NVME namespace CRUD and discovery support

NVMe controllers can provide [1][2] multiple independent LBA regions on a single flash device using NVMe namespaces. Namespaces can be then partitioned using MBR or GPT markup.

From what I understand having separate namespaces instead of just partitioning can have performance benefits depending on NVMe controller implementation and application architecture.

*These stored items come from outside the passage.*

(* Completeness of [X] transfers to [R(A)] through the isometric copy of [Z]. *)
Lemma dense_range_surj (X K : hilbert R) (A : X -> K) (Z : X -> Prop) :
    is_linear A ->
    (forall u, hinner (A u) (A u) <= hinner u u) ->
    (forall z z', Z z -> Z z' -> Z (z - z')) ->
    (forall z, Z z -> hinner (A z) (A z) = hinner z z) ->
    (forall x, exists2 z, Z z & A z = A x) ->
  dense_in (range A) -> forall k, range A k.
Proof.
move=> linA contrA subZ isoA onZ dA k.
have [u approx] := dense_seq dA k.
have lift n : exists z, Z z /\ A z = u n.
  have [[x _ <-] _] := approx n.
  by have [z Zz Azx] := onZ x; exists z.
have [z hz] := choice lift.
have err n : hinner (k - A (z n)) (k - A (z n)) < (n.+1%:R)^-1.
  by rewrite (hz n).2; exact: (approx n).2.
have cauchy e : 0 < e -> exists N, forall m n, (N <= m)%N -> (N <= n)%N ->
    ipnorm (@hinner R X) (z m - z n) < e.
  move=> e0; have e40 : 0 < e ^+ 2 / 4 by rewrite divr_gt0 ?exprn_gt0 ?ltr0n.
  have [N hN] := inv_nat_lt e40; exists N => m n hm hn.
  have Zmn : Z (z m - z n) by apply: subZ; [exact: (hz m).1 | exact: (hz n).1].
  rewrite (hnorm_ltE e0) -isoA // (linB linA).
  have -> : A (z m) - A (z n) = (k - A (z n)) - (k - A (z m)).
    by rewrite opprB [RHS]addrC -addrA addKr.
  apply: (le_lt_trans (parallelogram_le _ _)).
  by apply: quarter_sum_lt; rewrite ?exprn_gt0 // (lt_trans (err _)) ?hN.
have [l lim_l] := hcomplete cauchy; exists l => //.
apply/eqP; rewrite -subr_eq0; apply/eqP/ip_small_eq0 => d d0.
have d40 : 0 < d / 4 by rewrite divr_gt0 ?ltr0n.
have [N1 hN1] := inv_nat_lt d40.
have s0 : 0 < sqrtC (d / 4) by rewrite sqrtC_gt0.
have [N2 hN2] := lim_l _ s0.
pose n := maxn N1 N2.
have -> : A l - k = A (l - z n) - (k - A (z n)) by rewrite (linB linA) opprB addrA subrK.
apply: (le_lt_trans (parallelogram_le _ _)); apply: quarter_sum_lt => //.
  apply: (le_lt_trans (contrA _)); rewrite ipNN -(sqrtCK (d / 4)) -hnorm_ltE //.
  exact: hN2 (leq_maxr _ _).
exact: lt_trans (err n) (hN1 n (leq_maxl _ _)).
Qed.

Section AdjointPair.
Context {X K L : hilbert R} {A : X -> K} {B : X -> L}.
Context {Aadj : K -> X} {Badj : L -> X}.
Hypotheses (lA : is_linear A) (lB : is_linear B).
Hypotheses (adjA : is_adjoint A Aadj) (adjB : is_adjoint B Badj).
Hypothesis normAB :
  forall u, hinner u u = hinner (A u) (A u) + hinner (B u) (B u).

Lemma adj_gram_sum x : Aadj (A x) + Badj (B x) = x.
Proof.
pose G x y := hinner (A x) (A y) + hinner (B x) (B y) - hinner x y.
have G0 : forall x y, G x y = 0.
  apply: sesquilinear_diag0 => [x1 y1 z|x1 y1 z|a x1 z|a x1 z|x1].
  - by rewrite /G !(linD lA) !(linD lB) !ipDl; ring.
  - by rewrite /G !(linD lA) !(linD lB) !ipDr; ring.
  - by rewrite /G !(linZ lA) !(linZ lB) !ipZl; ring.
  - by rewrite /G !(linZ lA) !(linZ lB) !ipZr; ring.
  - by rewrite /G normAB subrr.
apply: ip_inj => y; rewrite ipDl (adjC adjA) (adjC adjB).
by apply/eqP; rewrite -subr_eq0; apply/eqP/G0.
Qed.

The use-case that we have is sharing a single NVMe for multiple purposes (bcache, ceph journal or wal & db) which is currently done with partitions.

# 1 device (NVMe controller), 3 namespaces
# ...
nvme0n1 259:0 0 20G 0 disk
└─nvme0n1p1 259:1 0 20G 0 part /
nvme0n2 259:2 0 1G 0 disk
nvme0n3 259:3 0 1G 0 disk


sudo nvme list-ns -a /dev/nvme0
[ 0]:0x15ad15ad
[ 1]:0x61574d56
[ 2]:0x4e206572
[ 3]:0x2d454d56
[ 4]:0x30303030
[ 6]:0x61774d56
[ 7]:0x56206572
[ 8]:0x75747269
[ 9]:0x4e206c61
[ 10]:0x20654d56
[ 11]:0x6b736944
[ 16]:0x302e31
[ 18]:0x56500000
[ 19]:0x800
[ 64]:0x3000000
[ 65]:0x30003
[ 128]:0x4466
[ 129]:0x3

As a side note, currently lshw does not list namespaces as separate block devices (just the controller):

[1] https://nvmexpress.org/wp-content/uploads/NVM-Express-1_2a.pdf
“1.6.20 namespace - A quantity of non-volatile memory that may be formatted into logical blocks. When formatted, a namespace of size n is a collection of logical blocks with logical block addresses from 0 to (n-1).”

[2] https://sata-io.org/system/files/member-downloads/NVMe%20and%20AHCI_%20_long_.pdf

"Another important feature of the NVMe interface is its ability to support the partitioning of the physical storage extent into multiple logical storage extents, each of which can be accessed independently of other logical extents. These logical storage extents are called Namespaces. Each NVMe Namespace may have its own pathway, or IO channel, over which the host may access the Namespace…

The ability to partition a physical storage extent into multiple logical storage extents and then to create multiple IO channels to each extent is a feature of NVMe that was architected and designed to allow the system in which it is used to exploit the parallelism available in upper layers of today’s platforms and extend that parallelism all the way down into the storage device itself. Multiple IO channels that can be dedicated to cores, processes or threads eliminate the need for locks, or other semaphore based locking mechanisms around an IO channel. This ensures that IO channel resource contention, a major performance killer in IO subsystems, is not an issue."